_WHAT YOU WILL DO_: When you find the line with "exp (- Q k l))." among the records below, reproduce it and each line after it exactly, ending with the line with "intros Hf H. pose proof (z2sum_opp".

Source data:
══════════════════════════════

Lemma z2sum_rotate (f : Z -> Z -> R) c :
  gauss_dom f -> z2sum (fun k l => f (- k - l + c)%Z k) = z2sum f.
Proof.
  intros Hf. rewrite <- (z2sum_reflect f c Hf).
  rewrite <- (z2sum_swap (fun k l => f (- k - l + c)%Z l)) by (apply gauss_dom_reflect; auto).
  apply z2sum_ext. intros k l. f_equal. lia.
Qed.

Definition moderate (p : Z -> Z -> R) : Prop :=
  forall d, 0 < d -> exists C, 0 <= C /\ forall k l, Rabs (p k l) <= C * exp (d * sqnorm k l).

Lemma moderate_le (p q : Z -> Z -> R) :
  moderate q -> (forall k l, Rabs (p k l) <= Rabs (q k l)) -> moderate p.
Proof.
  intros Hq H d Hd. destruct (Hq d Hd) as [C [HC HH]].
  exists C. split; auto. intros k l. eapply Rle_trans; eauto.
Qed.

Lemma moderate_const (c : R) : moderate (fun _ _ => c).
Proof.
  intros d Hd. exists (Rabs c). split; [apply Rabs_pos |]. intros k l.
  assert (1 <= exp (d * sqnorm k l))
    by (rewrite <- exp_0; apply exp_le; pose proof (sqnorm_ge0 k l); nra).
  pose proof (Rabs_pos c). nra.
Qed.

Lemma moderate_plus (p q : Z -> Z -> R) : moderate p -> moderate q -> moderate (fun k l => p k l + q k l).
Proof.
  intros Hp Hq d Hd. destruct (Hp d Hd) as [C1 [H1 HH1]]. destruct (Hq d Hd) as [C2 [H2 HH2]].
  exists (C1 + C2). split; [lra |]. intros k l. eapply Rle_trans; [apply Rabs_triang |].
  specialize (HH1 k l). specialize (HH2 k l). lra.
Qed.

Lemma moderate_mult (p q : Z -> Z -> R) : moderate p -> moderate q -> moderate (fun k l => p k l * q k l).
Proof.
  intros Hp Hq d Hd.
  destruct (Hp (d / 2)) as [C1 [H1 HH1]]; [lra |]. destruct (Hq (d / 2)) as [C2 [H2 HH2]]; [lra |].
  exists (C1 * C2). split; [nra |]. intros k l. rewrite Rabs_mult.
  replace (d * sqnorm k l) with (d / 2 * sqnorm k l + d / 2 * sqnorm k l) by field.
  rewrite exp_plus.
  apply Rle_trans with ((C1 * exp (d / 2 * sqnorm k l)) * (C2 * exp (d / 2 * sqnorm k l))).
  - apply Rmult_le_compat; auto using Rabs_pos.
  - right; ring.
Qed.

Lemma moderate_opp (p : Z -> Z -> R) : moderate p -> moderate (fun k l => - p k l).
Proof. intros H. apply (moderate_le _ p H). intros. rewrite Rabs_Ropp. lra. Qed.

Lemma moderate_minus (p q : Z -> Z -> R) : moderate p -> moderate q -> moderate (fun k l => p k l - q k l).
Proof. intros H1 H2. apply (moderate_plus p (fun k l => - q k l)); auto. apply moderate_opp; auto. Qed.

Lemma moderate_pow2 (p : Z -> Z -> R) : moderate p -> moderate (fun k l => p k l ^ 2).
Proof.
  intros H. apply (moderate_le _ (fun k l => p k l * p k l)); [apply moderate_mult; auto |].
  intros; right; f_equal; ring.
Qed.

Lemma moderate_div (p : Z -> Z -> R) (c : R) : moderate p -> moderate (fun k l => p k l / c).
Proof.
  intros H. apply (moderate_le _ (fun k l => p k l * / c)); [apply moderate_mult, moderate_const; auto |].
  intros; right; reflexivity.
Qed.

Lemma moderate_abs (p : Z -> Z -> R) : moderate p -> moderate (fun k l => Rabs (p k l)).
Proof. intros Hp. apply (moderate_le _ p Hp). intros. rewrite Rabs_Rabsolu. lra. Qed.

Lemma Rabs_le_exp_sq x d : 0 < d -> Rabs x <= (1 + / d) * exp (d * x ^ 2).
Proof.
  intros Hd. assert (0 < / d) by (apply Rinv_0_lt_compat; auto).
  apply Rle_trans with (1 + x ^ 2); [unfold Rabs; destruct Rcase_abs; nra |].
  apply Rle_trans with ((1 + / d) * (1 + d * x ^ 2)).
  - replace ((1 + / d) * (1 + d * x ^ 2)) with (1 + d * x ^ 2 + / d + x ^ 2) by (field; lra).
    pose proof (pow2_ge_0 x). nra.
  - apply Rmult_le_compat_l; [lra |]. apply exp_ineq1_le.
Qed.

Lemma moderate_fst : moderate (fun k _ => IZR k).
Proof.
  intros d Hd. assert (0 < / d) by (apply Rinv_0_lt_compat; auto).
  exists (1 + / d). split; [lra |]. intros k l.
  eapply Rle_trans; [apply (Rabs_le_exp_sq _ d Hd) |].
  apply Rmult_le_compat_l; [lra |]. apply exp_le. unfold sqnorm. pose proof (pow2_ge_0 (IZR l)). nra.
Qed.

Lemma moderate_snd : moderate (fun _ l => IZR l).
Proof.
  intros d Hd. assert (0 < / d) by (apply Rinv_0_lt_compat; auto).
  exists (1 + / d). split; [lra |]. intros k l.
  eapply Rle_trans; [apply (Rabs_le_exp_sq _ d Hd) |].
  apply Rmult_le_compat_l; [lra |]. apply exp_le. unfold sqnorm. pose proof (pow2_ge_0 (IZR k)). nra.
Qed.

Ltac solve_moderate :=
  repeat first
    [ apply moderate_const | apply moderate_plus | apply moderate_minus | apply moderate_mult
    | apply moderate_opp | apply moderate_pow2 | apply moderate_abs | apply moderate_div
    | apply moderate_fst | apply moderate_snd ].

Lemma gauss_dom_exp_moderate (Q p : Z -> Z -> R) b C :
  0 < b -> (forall k l, b * sqnorm k l - C <= Q k l) -> moderate p ->
  gauss_dom (fun k l => exp (- Q k l) * p k l).
Proof.
  intros Hb HQ Hp. destruct (Hp (b / 2)) as [C' [HC' H]]; [lra |].
  exists (b / 2), (exp C * C'). split; [lra |]. intros k l.
  rewrite Rabs_mult, Rabs_pos_eq by (apply Rlt_le, exp_pos).
  apply Rle_trans with (exp (C - b * sqnorm k l) * (C' * exp (b / 2 * sqnorm k l))).
  - apply Rmult_le_compat; auto using Rabs_pos.
    + apply Rlt_le, exp_pos.
    + apply exp_le. specialize (HQ k l). lra.
  - replace (C - b * sqnorm k l) with (C + - b * sqnorm k l) by ring.
    rewrite exp_plus.
    replace (- (b / 2) * sqnorm k l) with (- b * sqnorm k l + b / 2 * sqnorm k l) by field.
    rewrite exp_plus. right. ring.
Qed.

Lemma gauss_dom_exp (Q : Z -> Z -> R) b C :
  0 < b -> (forall k l, b * sqnorm k l - C <= Q k l) -> gauss_dom (fun k l => exp (- Q k l)).
Proof.
  intros Hb HQ. apply (gauss_dom_le _ (fun k l => exp (- Q k l) * 1)).
  - apply (gauss_dom_exp_moderate Q _ b C); auto. apply moderate_const.
  - intros. rewrite Rmult_1_r. lra.
Qed.

Lemma z2sum_eq0_opp_odd (f : Z -> Z -> R) :
  gauss_dom f -> (forall k l, f (- k)%Z (- l)%Z = - f k l) -> z2sum f = 0.
Proof.
  intros Hf H. pose proof (z2sum_opp f Hf) as E.
  rewrite (z2sum_ext _ (fun k l => -1 * f k l)), z2sum_scal in E by (intros; rewrite H; ring).
  lra.
Qed.

Lemma z2sum_eq0_reflect_odd (f : Z -> Z -> R) c :
  gauss_dom f -> (forall k l, f (- k - l + c)%Z l = - f k l) -> z2sum f = 0.
Proof.
  intros Hf H. pose proof (z2sum_reflect f c Hf) as E.
  rewrite (z2sum_ext _ (fun k l => -1 * f k l)), z2sum_scal in E by (intros; rewrite H; ring).
  lra.
Qed.

Lemma z2sum_eq0_rotate (w g : Z -> Z -> R) c :
  gauss_dom (fun k l => w k l * g k l) ->
  (forall k l, w (- k - l + c)%Z k = w k l) ->
  (forall k l, g k l + g (- k - l + c)%Z k + g (- (- k - l + c) - k + c)%Z (- k - l + c)%Z = 0) ->
  z2sum (fun k l => w k l * g k l) = 0.
Proof.
  intros H0 Hw Hg.
  set (F0 := fun k l => w k l * g k l).
  set (F1 := fun k l => w k l * g (- k - l + c)%Z k).
  set (F2 := fun k l => w k l * g (- (- k - l + c) - k + c)%Z (- k - l + c)%Z).
  assert (R1 : forall k l, F0 (- k - l + c)%Z k = F1 k l) by (intros; unfold F0, F1; rewrite Hw; auto).
  assert (R2 : forall k l, F1 (- k - l + c)%Z k = F2 k l) by (intros; unfold F1, F2; rewrite Hw; auto).
  assert (H1 : gauss_dom F1)
    by (apply (gauss_dom_le _ _ (gauss_dom_rotate F0 c H0)); intros; rewrite R1; lra).
  assert (H2 : gauss_dom F2)
    by (apply (gauss_dom_le _ _ (gauss_dom_rotate F1 c H1)); intros; rewrite R2; lra).
  assert (E1 : z2sum F1 = z2sum F0)
    by (rewrite <- (z2sum_rotate F0 c H0); apply z2sum_ext; intros; rewrite R1; auto).
  assert (E2 : z2sum F2 = z2sum F1)
    by (rewrite <- (z2sum_rotate F1 c H1); apply z2sum_ext; intros; rewrite R2; auto).
  assert (E3 : z2sum (fun k l => F0 k l + F1 k l + F2 k l) = 0).
  { rewrite (z2sum_ext _ (fun k l => 0 * 1)), z2sum_scal; [ring |].
    intros k l. unfold F0, F1, F2. rewrite <- !Rmult_plus_distr_l, Hg. ring. }
  rewrite !z2sum_plus in E3 by (auto; apply gauss_dom_plus; auto).
  fold F0. lra.
Qed.

(** * First-order Taylor estimates *)

Lemma MVT_between (f df : R -> R) a b : (forall t, is_derive f t (df t)) ->
  exists c, Rmin a b <= c <= Rmax a b /\ f b - f a = df c * (b - a).
Proof.
  intros H. apply (MVT_gen f a b df); intros; auto.
  apply derivable_continuous_pt. exists (df x). apply is_derive_Reals. auto.
Qed.

Lemma Rabs_between a b c : Rmin a b <= c <= Rmax a b -> Rabs (c - a) <= Rabs (b - a).
Proof. unfold Rmin, Rmax. destruct (Rle_dec a b); intros [H1 H2]; unfold Rabs; repeat destruct Rcase_abs; lra. Qed.

Lemma exp_neg_between a b c :
  Rmin a b <= c <= Rmax a b -> exp (- c) <= Rmax (exp (- a)) (exp (- b)).
Proof.
  unfold Rmin. destruct (Rle_dec a b); intros [H1 H2].
  - eapply Rle_trans; [| apply Rmax_l]. apply exp_le. lra.
  - eapply Rle_trans; [| apply Rmax_r]. apply exp_le. lra.
Qed.

Lemma pow2_Rabs x : x ^ 2 = Rabs x * Rabs x.
Proof. unfold Rabs; destruct Rcase_abs; ring. Qed.

Lemma exp_neg_lipschitz a b :
  Rabs (exp (- b) - exp (- a)) <= Rabs (b - a) * Rmax (exp (- a)) (exp (- b)).
Proof.
  destruct (MVT_between (fun t => exp (- t)) (fun t => - exp (- t)) a b) as [c [Hc E]].
  - intro t. auto_derive; auto. ring.
  - rewrite E, Rabs_mult, Rabs_Ropp, Rabs_pos_eq, Rmult_comm by (apply Rlt_le, exp_pos).
    apply Rmult_le_compat_l; [apply Rabs_pos | apply exp_neg_between; auto].
Qed.

Lemma exp_neg_taylor1 a b :
  Rabs (exp (- b) - exp (- a) + exp (- a) * (b - a)) <= (b - a) ^ 2 * Rmax (exp (- a)) (exp (- b)).
Proof.
  destruct (MVT_between (fun t => exp (- t) + exp (- a) * t) (fun t => - exp (- t) + exp (- a)) a b)
    as [c [Hc E]].
  { intro t. auto_derive; auto. ring. }
  replace (exp (- b) - exp (- a) + exp (- a) * (b - a))
    with (exp (- b) + exp (- a) * b - (exp (- a) + exp (- a) * a)) by ring.
  rewrite E, Rabs_mult.
  replace (- exp (- c) + exp (- a)) with (- (exp (- c) - exp (- a))) by ring. rewrite Rabs_Ropp.
  pose proof (exp_neg_lipschitz a c) as L. pose proof (Rabs_between _ _ _ Hc).
  assert (Rmax (exp (- a)) (exp (- c)) <= Rmax (exp (- a)) (exp (- b)))
    by (apply Rmax_lub; [apply Rmax_l | apply exp_neg_between; auto]).
  assert (0 <= Rmax (exp (- a)) (exp (- c)))
    by (eapply Rle_trans; [apply Rlt_le, exp_pos | apply Rmax_l]).
  rewrite (pow2_Rabs (b - a)). pose proof (Rabs_pos (c - a)). pose proof (Rabs_pos (b - a)).
  apply Rle_trans with (Rabs (b - a) * Rmax (exp (- a)) (exp (- b)) * Rabs (b - a)).
  - apply Rmult_le_compat; try nra. apply Rabs_pos.
  - right; ring.
Qed.

Lemma cos_lipschitz a b : Rabs (cos b - cos a) <= Rabs (b - a).
Proof.
  destruct (MVT_between cos (fun t => - sin t) a b) as [c [Hc E]].
  - intro t. auto_derive; auto. ring.
  - rewrite E, Rabs_mult, Rabs_Ropp.
    assert (Rabs (sin c) <= 1) by (apply Rabs_le, SIN_bound).
    pose proof (Rabs_pos (b - a)). pose proof (Rabs_pos (sin c)). nra.
Qed.

Lemma sin_lipschitz a b : Rabs (sin b - sin a) <= Rabs (b - a).
Proof.
  destruct (MVT_between sin cos a b) as [c [Hc E]].
  - intro t. auto_derive; auto. ring.
  - rewrite E, Rabs_mult.
    assert (Rabs (cos c) <= 1) by (apply Rabs_le, COS_bound).
    pose proof (Rabs_pos (b - a)). pose proof (Rabs_pos (cos c)). nra.
Qed.

Lemma cos_taylor1 a b : Rabs (cos b - cos a + sin a * (b - a)) <= (b - a) ^ 2.
Proof.
  destruct (MVT_between (fun t => cos t + sin a * t) (fun t => - sin t + sin a) a b) as [c [Hc E]].
  { intro t. auto_derive; auto. ring. }
  replace (cos b - cos a + sin a * (b - a)) with (cos b + sin a * b - (cos a + sin a * a)) by ring.
  rewrite E, Rabs_mult.
  replace (- sin c + sin a) with (- (sin c - sin a)) by ring. rewrite Rabs_Ropp, pow2_Rabs.
  pose proof (sin_lipschitz a c). pose proof (Rabs_between _ _ _ Hc).
  apply Rmult_le_compat; auto using Rabs_pos; lra.
Qed.

(** [Q1] and [F1] stand for the linear parts of the increments [Q - Q0] and [F - F0]. *)

Lemma exp_neg_expansion (Q Q0 Q1 P P' h B : R) : 0 <= h ->
  Rabs (Q - Q0) <= P * h -> Rabs (Q - Q0 - Q1) <= P' * h ^ 2 ->
  exp (- Q) <= B -> exp (- Q0) <= B ->
  Rabs (exp (- Q) - exp (- Q0) + exp (- Q0) * Q1) <= (P ^ 2 + P') * h ^ 2 * B.
Proof.
  intros Hh H1 H2 H3 H4.
  replace (exp (- Q) - exp (- Q0) + exp (- Q0) * Q1)
    with ((exp (- Q) - exp (- Q0) + exp (- Q0) * (Q - Q0)) - exp (- Q0) * (Q - Q0 - Q1)) by ring.
  eapply Rle_trans; [apply Rabs_triang |]. rewrite Rabs_Ropp, Rabs_mult, (Rabs_pos_eq (exp (- Q0)))
    by (apply Rlt_le, exp_pos).
  pose proof (exp_neg_taylor1 Q0 Q) as T.
  assert (Hm : Rmax (exp (- Q0)) (exp (- Q)) <= B) by (apply Rmax_lub; auto).
  assert (0 <= Rmax (exp (- Q0)) (exp (- Q))) by (eapply Rle_trans; [apply Rlt_le, exp_pos | apply Rmax_l]).
  assert (Hsq : (Q - Q0) ^ 2 <= (P * h) ^ 2).
  { rewrite (pow2_Rabs (Q - Q0)). pose proof (Rabs_pos (Q - Q0)).
    replace ((P * h) ^ 2) with ((P * h) * (P * h)) by ring. apply Rmult_le_compat; auto. }
  pose proof (exp_pos (- Q0)). pose proof (pow2_ge_0 (Q - Q0)). pose proof (Rabs_pos (Q - Q0 - Q1)).
  assert ((Q - Q0) ^ 2 * Rmax (exp (- Q0)) (exp (- Q)) <= P ^ 2 * h ^ 2 * B).
  { apply Rle_trans with ((P * h) ^ 2 * B); [apply Rmult_le_compat; auto | right; ring]. }
  assert (exp (- Q0) * Rabs (Q - Q0 - Q1) <= P' * h ^ 2 * B).
  { apply Rle_trans with (B * (P' * h ^ 2)); [apply Rmult_le_compat; lra | right; ring]. }
  lra.
Qed.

══════════════════════════════

_SOLUTION FOR THIS PROBLEM_:
  0 < b -> (forall k l, b * sqnorm k l - C <= Q k l) -> gauss_dom (fun k l => exp (- Q k l)).
Proof.
  intros Hb HQ. apply (gauss_dom_le _ (fun k l => exp (- Q k l) * 1)).
  - apply (gauss_dom_exp_moderate Q _ b C); auto. apply moderate_const.
  - intros. rewrite Rmult_1_r. lra.
Qed.

Lemma z2sum_eq0_opp_odd (f : Z -> Z -> R) :
  gauss_dom f -> (forall k l, f (- k)%Z (- l)%Z = - f k l) -> z2sum f = 0.
Proof.
  intros Hf H. pose proof (z2sum_opp f Hf) as E.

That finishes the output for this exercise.